Literature: With Love, Grief & Fury with Salena Godden & Friends
- Tue 07 May 2024
- 7:00 pm
- £5.00
Blackwell’s bookshop is thrilled to be welcoming Salena Godden to Manchester for the launch of With Love, Grief and Fury – the stunning new collection full of comfort, vulnerability, rage and inspiration from one of the powerhouses of British poetry. Salena will be supported by Christine Roseeta Walker and Rebecca Hurst who will be reading from their new collections Coco Island and The Iron Bridge.
Doors: 7.00, starts: 7.30
Tickets are £5.00 or free when pre-ordering a copy of WITH LOVE, GRIEF AND FURY. Copies will also be available to purchase on the night alongside COCO ISLAND and THE IRON BRIDGE and all three poets will be happy to sign their work. If you would like a signed copy but cannot make the event, please contact us on 0161 274 3331 or manchester@blackwell.co.uk and we can arrange this for you.
About the books:
With Love, Grief and Fury – Salena Godden
With Love, Grief and Fury contains love poems, for people and the planet. Grief poems brimming with compassion, mourning what was and contemplating what could be. And poems of fire and fury that will kick some ass, tell the truth and inspire change and hope.
Over thirty years after she first stormed the UK poetry scene, the trailblazing and award-winning writer Salena Godden has produced her most audacious and definitive collection to date. Like a big sister’s arm around your shoulder, With Love, Grief and Fury is important and nourishing for the soul.
Salena Godden FRSL is an award-winning author, poet and broadcaster of Jamaican-mixed heritage based in London. Her debut novel Mrs Death Misses Death won the Indie Book Award for Fiction and the People’s Book Prize, and was shortlisted for the British Book Awards and the Gordon Burn Prize. Film and TV rights for Mrs Death Misses Death have been optioned by Idris Elba’s production company Green Door Pictures. Godden has been shortlisted for the 4thWrite short story prize and the Ted Hughes Prize. Her work has been widely anthologised and broadcast on radio, TV and film. Her poem Pessimism is for Lightweights is on permanent display at the People’s History Museum, Manchester. She was inducted as a Fellow of the Royal Society of Literature in 2022.
Coco Island – Christine Roseeta Walker
Christine Roseeta Walker’s first book is set entirely in Negril, Jamaica. Coco Island presents a compelling cycle of poems, attentive to the undertow and hidden forces that shape a place and its people. In narrative poems, in songs, in fables, in comic scenes, ghost stories and vivid character sketches – especially of girls and women – Walker artfully lays bare how economic necessity, religious belief, illness and addiction reach far into the structures of family life and community. Piecing together the isolated lives of those left behind as the island modernises, her fearless, memorable poems chart the devastation of a world.

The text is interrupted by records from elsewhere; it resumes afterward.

(* Let $n\ge 1$, $d\ge 2$ and $k_1,\dots,k_n\in\{1,\dots,d\}$. Let $\rho$ be a state on $(\mathbb{C}^d)^{\otimes n}$ that can be written as $\rho=\sum_j p_j|\psi_j\rangle\langle\psi_j|$ with $p_j\ge 0$, $\sum_j p_j=1$, where for every $j$ and every $i\in\{1,\dots,n\}$ the single-party reduced state $\mathrm{Tr}_{\overline{\{i\}}}|\psi_j\rangle\langle\psi_j|$ has rank at most $k_i$. Then $$\mathcal{C}_2(\rho)\le d^n+n-1-\sum_{i=1}^n\frac{d}{k_i}.$$
   Context: Consider $n$ qudits with Hilbert space $(\mathbb{C}^d)^{\otimes n}$. Let $\lambda_0=\mathbb{1}_d$ and let $\lambda_1,\dots,\lambda_{d^2-1}$ be Hermitian traceless $d\times d$ matrices normalized so that $\mathrm{Tr}[\lambda_i\lambda_j]=d\,\delta_{ij}$. For a nonempty subset $\alpha\subseteq\{1,\dots,n\}$ and a state $\rho$ with reduced state $\rho_\alpha$, define $\|\tau_\alpha(\rho)\|^2=\sum_{(i_k)_{k\in\alpha}\in\{1,\dots,d^2-1\}^{\alpha}}\big(\mathrm{Tr}[\rho_\alpha\bigotimes_{k\in\alpha}\lambda_{i_k}]\big)^2$, and $\mathcal{C}_2(\rho)=\sum_{|\alpha|\ge 2}\|\tau_\alpha(\rho)\|^2$. *)

From HB Require Import structures.
From mathcomp Require Import all_boot all_order all_algebra.
From mathcomp Require Import complex.
Set Implicit Arguments. Unset Strict Implicit. Unset Printing Implicit Defensive.
Import Order.TTheory GRing.Theory Num.Theory.
Local Open Scope ring_scope.

(* Computational basis labels of (C^d)^{\otimes n}: functions 'I_n -> 'I_d. *)
Definition cfg (n d : nat) := {ffun 'I_n -> 'I_d}.

(* Operators on (C^d)^{\otimes n} as matrices indexed by basis labels. *)
Definition op (R : rcfType) (n d : nat) := cfg n d -> cfg n d -> R[i].

Definition hermitian_mx (R : rcfType) (d : nat) (A : 'M[R[i]]_d) : Prop :=
  forall a b : 'I_d, A a b = (A b a)^*.

Definition gm_basis (R : rcfType) (d : nat) (lam : 'I_(d ^ 2) -> 'M[R[i]]_d) : Prop :=
  [/\ forall i : 'I_(d ^ 2), val i = 0%N -> lam i = 1%:M,
      forall i : 'I_(d ^ 2), hermitian_mx (lam i),
      forall i : 'I_(d ^ 2), val i <> 0%N -> \tr (lam i) = 0 &
      forall i j : 'I_(d ^ 2), (1 <= val i)%N -> (1 <= val j)%N ->
        \tr (lam i *m lam j) = d%:R * (i == j)%:R].

Definition tensor_op (R : rcfType) (n d : nat) (lam : 'I_(d ^ 2) -> 'M[R[i]]_d)
  (s : {ffun 'I_n -> 'I_(d ^ 2)}) : op R n d :=
  fun x y => \prod_(k : 'I_n) lam (s k) (x k) (y k).

Definition tr_op (R : rcfType) (n d : nat) (rho A : op R n d) : R[i] :=
  \sum_(x : cfg n d) \sum_(y : cfg n d) rho x y * A y x.

(* Tr[rho_alpha \bigotimes_{k in alpha} lambda_{i_k}], written as
   Tr[rho (\bigotimes_{k in alpha} lambda_{i_k} \otimes 1_{rest})], where the
   multi-index (i_k)_{k in alpha} is extended by 0 (lambda_0 = 1) outside alpha. *)
Definition corr (R : rcfType) (n d : nat) (lam : 'I_(d ^ 2) -> 'M[R[i]]_d)
  (rho : op R n d) (s : {ffun 'I_n -> 'I_(d ^ 2)}) : R[i] :=
  tr_op rho (tensor_op lam s).

(* ||tau_alpha(rho)||^2: sum over multi-indices with entries in {1..d^2-1}
   exactly on alpha (and 0, i.e. identity, outside alpha). *)
Definition tau_norm2 (R : rcfType) (n d : nat) (lam : 'I_(d ^ 2) -> 'M[R[i]]_d)
  (rho : op R n d) (alpha : {set 'I_n}) : R[i] :=
  \sum_(s : {ffun 'I_n -> 'I_(d ^ 2)} |
          [forall k : 'I_n, (val (s k) != 0%N) == (k \in alpha)])
    (corr lam rho s) ^+ 2.

Definition C2 (R : rcfType) (n d : nat) (lam : 'I_(d ^ 2) -> 'M[R[i]]_d)
  (rho : op R n d) : R[i] :=
  \sum_(alpha : {set 'I_n} | (2 <= #|alpha|)%N) tau_norm2 lam rho alpha.

Definition unit_vec (R : rcfType) (n d : nat) (psi : cfg n d -> R[i]) : Prop :=
  \sum_(x : cfg n d) psi x * (psi x)^* = 1.

Definition reduced1 (R : rcfType) (n d : nat) (psi : cfg n d -> R[i]) (i : 'I_n)
  : 'M[R[i]]_d :=
  \matrix_(a < d, b < d)
    \sum_(x : cfg n d | x i == a) \sum_(y : cfg n d |
        (y i == b) && [forall k : 'I_n, (k != i) ==> (x k == y k)])
      psi x * (psi y)^*.

(* The correlations [corr lam rho s] are linear in [rho] and real on pure
   states, so by convexity of the square [C2] of a mixture is at most the
   average of [C2] over its pure components.  For a pure state the squared
   correlations over all multi-indices sum to [d ^ n] (completeness of the
   basis [lam]); the empty set contributes 1 and the singleton {i} contributes
   [d Tr(rho_i^2) - 1].  Finally a density matrix of rank at most [k] has
   purity [Tr(rho_i^2) >= 1/k] by Cauchy-Schwarz in an orthonormal basis of its
   range. *)

From HB Require Import structures.
From mathcomp Require Import all_boot all_order all_algebra.
From mathcomp Require Import complex sesquilinear spectral ring.
Set Implicit Arguments. Unset Strict Implicit. Unset Printing Implicit Defensive.
Import Order.TTheory GRing.Theory Num.Theory.
Local Open Scope ring_scope.
Local Open Scope sesquilinear_scope.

Christine Roseeta Walker is a Jamaican poet and novelist living on the outskirts of Manchester, England. She studied Creative Writing at the University of Salford and the University of Manchester. Her debut novel, The Grass is Weeping, is a revenge tragedy set in Jamaica. She also works as a commissioned poet with an archaeologist working in the Peak District, and she spends her time writing and organising poetry reading workshops in care homes for people living with dementia.
The Iron Bridge – Rebecca Hurst
Rebecca Hurst’s first collection bridges memory and observation, noting the detail of the natural world and our changing relation to it. The book’s places are made familiar by walking. It encounters other worlds alive with new and recovered ideas and images – from the folk traditions of her Sussex childhood, to archival encounters with a nineteenth-century nurse-explorer, and her undergraduate training as a Kremlinologist. Her language is deeply rooted, as keenly aware of etymologies as of history. Shaped by myth, history and desire, the poems of The Iron Bridge are theatrical, fierce, music-infused.
Rebecca Hurst is a writer, opera-maker, illustrator and researcher based in Greater Manchester. Her poetry has appeared in various magazines and anthologies, including Carcanet’s New Poetries VIII. She is the author of a poetry pamphlet, The Fox’s Wedding (Emma Press, 2022). Rebecca has a PhD from the University of Manchester, and is co-founder of the Voicings Collective, an ensemble that devises new music theatre, and teaches creative writing in schools, universities, museums, and the community.